По всему городу звонили колокола; священники устраивали крестные ходы; женщины плакали, распростершись перед статуями святых, стоявшими в нишах на углах улиц; но никому не приходило в голову обратиться к земным средствам, которые Бог даровал людям для их защиты. Однако, когда горожане убедились, что усилия Освальда не пропали даром, что пожар затухает и домам их уже не грозит гибель, изумление сменилось восторгом; они окружили лорда Нельвиля и целовали ему руки с таким жаром, что он вынужден был гневно прикрикнуть на них, дабы никто не мешал быстрым выполнениям его приказов и решительным действиям, необходимым для спасения города. Все жители Анконы теперь встали под его команду, ибо при любых обстоятельствах — и незначительных, и важных — там, где появляется опасность, появляется и храбрость, а когда страх охватывает всех, люди перестают чуждаться друг друга.
В несмолкаемом гуле голосов Освальд расслышал пронзительные крики, доносившиеся с другого конца города. На его вопрос, откуда эти крики, ему ответили, что они несутся из еврейского квартала. Полицейский чиновник, по своему обыкновению, запер на ночь ворота этого квартала, и теперь, когда огонь уже приближался, евреи не могли оттуда выбраться. Освальд вздрогнул при мысли об этом и потребовал, чтобы тотчас открыли ворота; услышав его слова, несколько женщин из народа упали перед ним на колени, заклиная его отменить свое приказание.
— Разве вы не видите, наш ангел-хранитель, — твердили они, обращаясь к нему, — что мы пострадали из-за евреев? Они нам приносят беду: если вы их выпустите, в море недостанет воды, чтобы затушить пожар.
И они так горячо, с такой искренней убежденностью молили его оставить евреев погибнуть в огне, словно речь шла о милосердном поступке. Это были вовсе не злые женщины, но суеверные, а бедствие, которое обрушилось на их головы, еще больше расстроило их воображение. Освальд с трудом сдерживал негодование, слыша эти дикие просьбы.
Он отправил четырех английских матросов с топорами в руках сломать ворота, преграждавшие выход несчастным, и те тотчас устремились в город; спасая свои товары, они бросались в огонь и проявляли такую алчность, в которой есть нечто жуткое, когда она заставляет презирать и самоё смерть.

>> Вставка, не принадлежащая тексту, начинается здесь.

(* Let $W_2\in\{M_2,S_2\}$, where $M_2$ is the space of $2\times 2$ real matrices and $S_2$ is the subspace of real symmetric $2\times2$ matrices, and let $\phi:W_2\to W_2$ be a linear map. Then $\phi$ preserves the Lorentz spectrum (i.e. $\sigma_{\mathcal{K}}(\phi(A))=\sigma_{\mathcal{K}}(A)$ for all $A\in W_2$) if and only if either $\phi(A)=PAP^{-1}$ for all $A\in W_2$, or $\phi(A)=QAQ^{-1}$ for all $A\in W_2$, where $$P=\begin{bmatrix}\alpha&\beta\\ \beta&\alpha\end{bmatrix},\qquad Q=\begin{bmatrix}-\alpha&-\beta\\ \beta&\alpha\end{bmatrix}$$ for some $\alpha,\beta\in\mathbb{R}$ with $\alpha^2-\beta^2=1$, and with $\beta=0$ if $W_2=S_2$.
   Context: The Lorentz cone in $\mathbb{R}^2$ is $\mathcal{K}=\{(x_1,x_2)^T\in\mathbb{R}^2:\ |x_1|\le x_2\}$. For $A\in M_2$, a real number $\lambda$ is a Lorentz eigenvalue (L-eigenvalue) of $A$ if there is a nonzero $x\in\mathbb{R}^2$ with $x\in\mathcal{K}$, $(A-\lambda I)x\in\mathcal{K}$ and $x^T(A-\lambda I)x=0$; such $x$ is an L-eigenvector. The Lorentz spectrum $\sigma_{\mathcal{K}}(A)$ is the set of all L-eigenvalues of $A$. *)

From mathcomp Require Import all_boot all_order all_algebra.
From mathcomp Require Import reals.
Set Implicit Arguments. Unset Strict Implicit. Unset Printing Implicit Defensive.
Import Order.TTheory GRing.Theory Num.Theory.
Local Open Scope ring_scope.

Section Lorentz.
Variable R : realType.

(* Lorentz cone in R^2: (x1,x2)^T with |x1| <= x2; indices 0,1 stand for 1,2. *)
Definition lorentz_cone (x : 'cV[R]_2) : Prop := `|x 0 0| <= x 1 0.

Definition L_eigenvalue (A : 'M[R]_2) (l : R) : Prop :=
  exists x : 'cV[R]_2, [/\ x != 0, lorentz_cone x,
    lorentz_cone ((A - l%:M) *m x) & (x^T *m (A - l%:M) *m x) 0 0 = 0].

Definition L_spectrum (A : 'M[R]_2) : R -> Prop := fun l => L_eigenvalue A l.

Definition same_L_spectrum (A B : 'M[R]_2) : Prop :=
  forall l, L_spectrum A l <-> L_spectrum B l.

Definition Pmx (a b : R) : 'M[R]_2 :=
  \matrix_(i < 2, j < 2) if i == j then a else b.

Definition Qmx (a b : R) : 'M[R]_2 :=
  \matrix_(i < 2, j < 2)
    if (i == 0 :> nat) then (if (j == 0 :> nat) then - a else - b)
    else (if (j == 0 :> nat) then b else a).

Definition sym2 (A : 'M[R]_2) : Prop := A^T = A.

End Lorentz.

From mathcomp Require Import all_boot all_order all_algebra.
From mathcomp Require Import reals.
From mathcomp Require Import ring lra.
Set Implicit Arguments. Unset Strict Implicit. Unset Printing Implicit Defensive.
Import Order.TTheory GRing.Theory Num.Theory.
Local Open Scope ring_scope.

(** Light-cone coordinates z = ((x1 + x2)/2, (x2 - x1)/2) map the Lorentz cone
    onto the nonnegative orthant, and since this change of basis is orthogonal up
    to a factor 2, the L-eigenvalues of A are the Pareto eigenvalues (eigenvalues
    complementary with respect to the orthant) of the conjugate matrix B.  For a
    2x2 matrix these are B00 if B10 >= 0, B11 if B01 >= 0, and the eigenvalues
    with a positive eigenvector.
    A linear map preserving Pareto spectra keeps the diagonal of [[x, s], [t, x]]
    when st = 0, and turns the product of its off-diagonal entries into st when
    s, t > 0; hence it fixes I and sends (E12, E21) to (r E12, E21 / r) or to
    (E21 / r, r E12).  After undoing this by a diagonal (and exchange)
    conjugation the map fixes I, E12 and E21, and a few test matrices show that
    it is the identity.  In light-cone coordinates P and Q become diag(a+b, a-b)
    and an antidiagonal matrix, whose conjugations are exactly these maps.
    On symmetric matrices the argument is the same, with E11, E22 and
    [[0, 1], [1, 0]] being the only symmetric matrices with Pareto spectrum
    {0, 1}; this leaves the identity and the exchange. *)

(** * Eigenvalues relative to a cone *)

Section ConeEigenvalue.
Variables (R : realType) (n : nat).

Definition cone_eigenvalue (K : 'cV[R]_n -> Prop) (A : 'M[R]_n) (l : R) : Prop :=
  exists x : 'cV[R]_n, [/\ x != 0, K x,
    K ((A - l%:M) *m x) & (x^T *m (A - l%:M) *m x) 0 0 = 0].

Variables (K C : 'cV[R]_n -> Prop) (S T : 'M[R]_n) (c : R).
Hypotheses (ST : S *m T = 1%:M) (TS : T *m S = 1%:M).
Hypotheses (trT : T^T = c *: S) (c_neq0 : c != 0).
Hypothesis KC : forall x, K x <-> C (S *m x).

Lemma conj_sub_scalar (A : 'M[R]_n) (l : R) :
  S *m (A - l%:M) *m T = S *m A *m T - l%:M.
Proof. by rewrite mulmxBr mulmxBl mul_mx_scalar -scalemxAl ST scalemx1. Qed.

(* As [T^T] is a multiple of [S = T^-1], the quadratic form is only rescaled. *)
Lemma cone_eigenvalue_conj (A : 'M[R]_n) (l : R) :
  cone_eigenvalue K A l <-> cone_eigenvalue C (S *m A *m T) l.
Proof.
have trS : S^T = c^-1 *: T.
  by rewrite -[in RHS](trmxK T) trT linearZ /= scalerA mulVf // scale1r.
rewrite /cone_eigenvalue -conj_sub_scalar; split.
- case=> x [x0 Kx KAx qx]; exists (S *m x); split.
  + by apply: contraNneq x0 => Sx0; rewrite -[x]mul1mx -TS -mulmxA Sx0 mulmx0.
  + exact/KC.
  + by rewrite -mulmxA (mulmxA T) TS mul1mx -mulmxA; apply/KC.
  + rewrite trmx_mul trS -scalemxAr -!scalemxAl !mulmxA.
    by rewrite -(mulmxA _ T S) TS mulmx1 -(mulmxA _ T S) TS mulmx1 mxE qx mulr0.
- case=> z [z0 Cz CAz qz]; exists (T *m z); split.
  + by apply: contraNneq z0 => Tz0; rewrite -[z]mul1mx -ST -mulmxA Tz0 mulmx0.
  + by apply/KC; rewrite mulmxA ST mul1mx.
  + by apply/KC; rewrite !mulmxA.
  + rewrite trmx_mul trT -scalemxAr -!scalemxAl !mulmxA mxE.
    by rewrite !mulmxA in qz; rewrite qz mulr0.
Qed.
End ConeEigenvalue.

(** * Pareto eigenvalues of 2x2 matrices *)

Section TwoByTwo.
Variable R : realType.

Definition mx2 (a b c d : R) : 'M[R]_2 := \matrix_(i, j)
  if i == 0 then (if j == 0 then a else b) else (if j == 0 then c else d).

Lemma ord2P (i : 'I_2) : i = 0 \/ i = 1.
Proof. by case: i => [[|[|//]]] Hi; [left|right]; apply/val_inj. Qed.

Lemma mx2_eta (A : 'M[R]_2) : A = mx2 (A 0 0) (A 0 1) (A 1 0) (A 1 1).
Proof.
by apply/matrixP => i j; rewrite mxE; case: (ord2P i) => ->; case: (ord2P j) => ->.
Qed.

Lemma mulmx2E m k (A : 'M[R]_(m, 2)) (B : 'M[R]_(2, k)) i j :
  (A *m B) i j = A i 0 * B 0 j + A i 1 * B 1 j.
Proof.
rewrite mxE !big_ord_recl big_ord0 addr0.
by congr (A i _ * B _ j + A i _ * B _ j); apply: val_inj.
Qed.

Lemma mx2_lin (k a b c d a' b' c' d' : R) :
  k *: mx2 a b c d + mx2 a' b' c' d' =
  mx2 (k * a + a') (k * b + b') (k * c + c') (k * d + d').
Proof. by rewrite [LHS]mx2_eta !mxE. Qed.

Lemma mx2N (a b c d : R) : - mx2 a b c d = mx2 (- a) (- b) (- c) (- d).
Proof. by rewrite [LHS]mx2_eta !mxE. Qed.

Lemma mul_mx2 (a b c d a' b' c' d' : R) :
  mx2 a b c d *m mx2 a' b' c' d' =
  mx2 (a * a' + b * c') (a * b' + b * d') (c * a' + d * c') (c * b' + d * d').
Proof. by rewrite [LHS]mx2_eta !mulmx2E !mxE. Qed.

Lemma tr_mx2 (a b c d : R) : (mx2 a b c d)^T = mx2 a c b d.
Proof. by rewrite [LHS]mx2_eta !mxE. Qed.

Lemma scalar_mx2 (l : R) : l%:M = mx2 l 0 0 l.
Proof. by rewrite [LHS]mx2_eta !mxE /= mulr1n mulr0n. Qed.

Lemma mx2_sub_scalar (a b c d l : R) : mx2 a b c d - l%:M = mx2 (a - l) b c (d - l).
Proof. by rewrite [LHS]mx2_eta !mxE /= mulr1n !mulr0n !subr0. Qed.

Можно подумать, что при нынешнем состоянии общества жизнь человека сама по себе не имеет никакой ценности.
В верхней части города в конце концов остался лишь один горящий дом, но пламя охватило его таким тесным кольцом, что невозможно было его погасить и тем более — проникнуть внутрь. Жители Анконы выказывали такое равнодушие к этому дому, что английские матросы, считая его нежилым, отвезли пожарные насосы обратно на корабль. Освальд, оглушенный криками взывавших о помощи, сначала и сам не обратил на это внимания. Огонь занялся на той стороне позднее, но очень быстро разгорался. Когда же лорд Нельвиль с живостью спросил, что это за дом, ему ответили, что это госпиталь для умалишенных. При этих словах он содрогнулся от ужаса и оглянулся вокруг, но ни матросов, ни графа д’Эрфейля не было и в помине. Обращаться за помощью к местным жителям было бесполезно: почти все они были заняты спасением своих товаров, к тому же они почитали нелепым подвергать свою жизнь опасности ради неизлечимо больных людей.

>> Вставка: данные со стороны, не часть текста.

Definition xI (M : TFM) (b : list R) (I : list nat) (t : nat) : bool :=
  match pos t I with Some q => nth q (conf M (blk b I)) false | None => false end.
Definition pI (M : TFM) (b : list R) (I : list nat) (t : nat) : R :=
  match pos t I with Some q => nth q (pay M (blk b I)) 0 | None => 0 end.

Definition x (M : TFM) (b : list R) (t : nat) : bool := xI M b (incl M b) t.
Definition p (M : TFM) (b : list R) (t : nat) : R := pI M b (incl M b) t.
Definition mu (M : TFM) (b : list R) : R := rev M (blk b (incl M b)).

(** universal payment p(b): the payment of the (first) confirmed user,
    0 if nobody is confirmed *)
Definition univ_pay (M : TFM) (b : list R) : R :=
  match find (fun t => x M b t) (seq 0 (length b)) with
  | Some t => p M b t
  | None => 0
  end.

Definition valid_block (M : TFM) (b : list R) (I : list nat) : Prop :=
  NoDup I /\ (forall i, In i I -> (i < length b)%nat) /\ (length I <= cap M)%nat.

Definition is_perm (n : nat) (s : nat -> nat) : Prop :=
  (forall t, (t < n)%nat -> (s t < n)%nat) /\
  (forall t u, (t < n)%nat -> (u < n)%nat -> s t = s u -> t = u).
Definition permuted (s : nat -> nat) (l : list R) : list R :=
  map (fun t => nth (s t) l 0) (seq 0 (length l)).

Definition tfm_ok (M : TFM) : Prop :=
  (forall b, valid_block M b (incl M b)) /\
  (forall l t, (t < length l)%nat ->
      nth t (pay M l) 0 <= nth t l 0 /\
      (nth t (conf M l) false = false -> nth t (pay M l) 0 = 0)) /\
  (forall l s, is_perm (length l) s ->
      rev M (permuted s l) = rev M l /\
      (forall t, (t < length l)%nat ->
          nth t (conf M (permuted s l)) false = nth (s t) (conf M l) false /\
          nth t (pay M (permuted s l)) 0 = nth (s t) (pay M l) 0)) /\
  (* symmetry: the honest inclusion rule only looks at bid values *)
  (forall b s, is_perm (length b) s ->
      Permutation (blk b (incl M b)) (blk (permuted s b) (incl M (permuted s b)))).

(** weak (1-strict) utility of the transaction at index t with true value v *)
Definition uutil (M : TFM) (b' : list R) (I : list nat) (t : nat) (v : R) : R :=
  if xI M b' I t then v - pI M b' I t else - Rmax 0 (nth t b' 0 - v).

Definition dev_vec (b : list R) (C : list nat) (d : nat -> R) (fakes : list R) : list R :=
  map (fun t => if existsb (Nat.eqb t) C then d t else nth t b 0) (seq 0 (length b))
  ++ fakes.

(** joint weak utility of the player (miner if [miner], users C whose true
    values are their truthful bids in b, and the fake bids at positions
    >= length b, of true value 0) when the vector b' is posted and block I is built. *)
Definition coal_util (M : TFM) (miner : bool) (C : list nat) (b b' : list R)
    (I : list nat) : R :=
  (if miner then rev M (blk b' I) else 0)
  + sumR (map (fun c => uutil M b' I c (nth c b 0)) C)
  + sumR (map (fun t => uutil M b' I t 0) (seq (length b) (length b' - length b))).

Definition weak_UIC (M : TFM) : Prop :=
  forall (b : list R) (i : nat) (d : R) (fakes : list R),
    nonneg_list b -> (i < length b)%nat -> 0 <= d -> nonneg_list fakes ->
    coal_util M false [i] b (dev_vec b [i] (fun _ => d) fakes)
              (incl M (dev_vec b [i] (fun _ => d) fakes))
    <= coal_util M false [i] b b (incl M b).

Definition c_weak_SCP (M : TFM) (c : nat) : Prop :=
  forall (b : list R) (C : list nat) (d : nat -> R) (fakes : list R) (I : list nat),
    nonneg_list b -> NoDup C -> (1 <= length C <= c)%nat ->
    (forall t, In t C -> (t < length b)%nat) ->
    (forall t, In t C -> 0 <= d t) -> nonneg_list fakes ->
    valid_block M (dev_vec b C d fakes) I ->
    coal_util M true C b (dev_vec b C d fakes) I
    <= coal_util M true C b b (incl M b).

Definition zero_at (b : list R) (k : nat) : list R := dev_vec b [k] (fun _ => 0) [].

(** Universal payment comes first: if two confirmed users had different
    payments, raising the lower bid to the higher one keeps that user's
    payment (weak UIC in both directions), and then the miner can swap the
    two equal bids at no cost, so the coalitions of the miner with one or
    both users (2-weak-SCP in both directions) force the payments to agree.

    For the theorem, let [b'] be [b] with [k]'s bid set to 0.  The miner with
    [k] does not gain by moving from [b'] to [b]; the miner with [k] and [i]
    does not gain by moving from [b] to [b'] unless [i] is confirmed in [b];
    this gives the confirmations.  Finally the miner with [i] and [j] can,
    from [b], simulate the block of [b'] by injecting a fake zero bid in
    place of [k]; together with the first inequality this yields
    [2 p(b) <= 2 p(b') + b_k]. *)
From Pilot Require Import Defs.
From Stdlib Require Import Reals List Lra Lia.
Import ListNotations.
Open Scope R_scope.

Lemma nth_map_seq0 (f : nat -> R) n t : (t < n)%nat -> nth t (map f (seq 0 n)) 0 = f t.
Proof.
  intros Ht.
  rewrite nth_indep with (d' := f 0%nat) by (rewrite length_map, length_seq; lia).
  rewrite map_nth, seq_nth by lia. reflexivity.
Qed.

Lemma nonneg_nth l t : nonneg_list l -> 0 <= nth t l 0.
Proof.
  intros Hl. destruct (Nat.lt_ge_cases t (length l)).
  - apply Hl, nth_In; assumption.
  - rewrite nth_overflow by assumption. lra.
Qed.

Lemma nonneg_of_nth l : (forall t, 0 <= nth t l 0) -> nonneg_list l.
Proof.
  intros Hl r Hr. apply In_nth with (d := 0) in Hr as [t [_ <-]]. apply Hl.
Qed.

Lemma nth_app_length (b : list R) : nth (length b) (b ++ [0]) 0 = 0.
Proof. rewrite app_nth2, Nat.sub_diag by lia. reflexivity. Qed.

Lemma existsb_eqb_In t C : existsb (Nat.eqb t) C = true <-> In t C.
Proof.
  rewrite existsb_exists. split.
  - intros [u [Hu Htu]]. apply Nat.eqb_eq in Htu. subst. assumption.
  - intros Ht. exists t. split; [assumption | apply Nat.eqb_refl].
Qed.

Lemma length_dev_vec b C d f : length (dev_vec b C d f) = (length b + length f)%nat.
Proof. unfold dev_vec. rewrite length_app, length_map, length_seq. reflexivity. Qed.

Lemma dev_vec_agree b C d f c :
  length c = length b ->
  (forall t, In t C -> d t = nth t c 0) ->
  (forall t, ~ In t C -> nth t c 0 = nth t b 0) ->
  dev_vec b C d f = c ++ f.
Proof.
  intros Hlen Hin Hout. unfold dev_vec. f_equal.
  apply nth_ext with 0 0; rewrite length_map, length_seq; [auto |].
  intros t Ht. rewrite nth_map_seq0 by assumption.
  destruct (existsb (Nat.eqb t) C) eqn:E.
  - apply Hin, existsb_eqb_In, E.
  - symmetry. apply Hout. rewrite <- existsb_eqb_In, E. discriminate.
Qed.

Lemma dev_vec_agree_nil b C d c :
  length c = length b ->
  (forall t, In t C -> d t = nth t c 0) ->
  (forall t, ~ In t C -> nth t c 0 = nth t b 0) ->
  dev_vec b C d [] = c.
Proof. intros. rewrite (dev_vec_agree b C d [] c) by assumption. apply app_nil_r. Qed.

Definition set_bid (b : list R) (a : nat) (v : R) : list R := dev_vec b [a] (fun _ => v) [].

Lemma length_set_bid b a v : length (set_bid b a v) = length b.
Proof. unfold set_bid. rewrite length_dev_vec. simpl. lia. Qed.

Lemma nth_set_bid_same b a v : (a < length b)%nat -> nth a (set_bid b a v) 0 = v.
Proof.
  intros Ha. unfold set_bid, dev_vec.
  rewrite app_nth1 by (rewrite length_map, length_seq; assumption).
  rewrite nth_map_seq0 by assumption. simpl. rewrite Nat.eqb_refl. reflexivity.
Qed.

Lemma nth_set_bid_other b a v t : t <> a -> nth t (set_bid b a v) 0 = nth t b 0.
Proof.
  intros Hta. destruct (Nat.lt_ge_cases t (length b)) as [Ht | Ht].
  - unfold set_bid, dev_vec.
    rewrite app_nth1 by (rewrite length_map, length_seq; assumption).
    rewrite nth_map_seq0 by assumption. simpl.
    apply Nat.eqb_neq in Hta. rewrite Hta. reflexivity.
  - rewrite !nth_overflow; rewrite ?length_set_bid; auto.
Qed.

Lemma nonneg_set_bid b a v : nonneg_list b -> 0 <= v -> nonneg_list (set_bid b a v).
Proof.
  intros Hb Hv. apply nonneg_of_nth. intros t.
  destruct (Nat.eq_dec t a) as [-> | Hta].
  - destruct (Nat.lt_ge_cases a (length b)).
    + rewrite nth_set_bid_same; assumption.
    + rewrite nth_overflow by (rewrite length_set_bid; assumption). lra.
  - rewrite nth_set_bid_other by assumption. apply nonneg_nth, Hb.
Qed.

Lemma pos_map_inj (s : nat -> nat) t I :
  (forall u w, s u = s w -> u = w) -> Defs.pos (s t) (map s I) = Defs.pos t I.
Proof.
  intros Hs. induction I as [| a I IH]; simpl; [reflexivity |].
  rewrite IH. destruct (Nat.eqb_spec a t), (Nat.eqb_spec (s a) (s t)); subst;
    solve [reflexivity | exfalso; auto].
Qed.

Lemma pos_Some t I q : Defs.pos t I = Some q -> (q < length I)%nat /\ nth q I 0%nat = t.
Proof.
  revert q. induction I as [| a I IH]; simpl; intros q Hq; [discriminate |].
  destruct (Nat.eqb_spec a t).
  - injection Hq as <-. split; [lia | assumption].
  - destruct (Defs.pos t I) as [m |]; simpl in Hq; [| discriminate].
    injection Hq as <-. destruct (IH m eq_refl). simpl. split; [lia | assumption].
Qed.

Lemma blk_map (s : nat -> nat) c c' I :
  (forall u, In u I -> nth (s u) c 0 = nth u c' 0) -> blk c (map s I) = blk c' I.
Proof. intros H. unfold blk. rewrite map_map. apply map_ext_in, H. Qed.

Lemma uutil_relabel M (s : nat -> nat) c c' I t u v :
  (forall w w', s w = s w' -> w = w') ->
  (forall w, In w I -> nth (s w) c 0 = nth w c' 0) ->
  s t = u -> nth u c 0 = nth t c' 0 ->
  uutil M c (map s I) u v = uutil M c' I t v.
Proof.
  intros Hs Hc <- Hu. unfold uutil, Defs.xI, pI.
  rewrite pos_map_inj, (blk_map s c c' I Hc), Hu by assumption. reflexivity.
Qed.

— Если сумасшедшие помрут и никто в этом не будет виновен, — говорили они, — то будет милость Господня для них и для их родных.
Не слушая этих разговоров, Освальд быстрыми шагами направился к госпиталю, а толпа, только что осуждавшая его, двинулась за ним, объятая невольным и смутным чувством восхищения. Освальд подошел к дому и увидел в единственном окне, свободном от огня, лица больных: они, осклабясь, следили за пожаром, и их леденящий душу смех наводил на мысль либо об их полном неведении жизненных зол, либо о столь глубоких душевных мучениях, когда никакая смерть уже не страшна. При этом зрелище Освальда бросило в дрожь: в минуты тяжкого отчаяния он тоже бывал близок к умопомешательству, и с тех пор вид безумца всегда вызывал в нем глубокую жалость. Он схватил лестницу, стоявшую внизу, приставил ее к стене, поднялся по ней, окруженный пламенем, и проник через окно в палату, где собрались горемыки, оставшиеся в госпитале.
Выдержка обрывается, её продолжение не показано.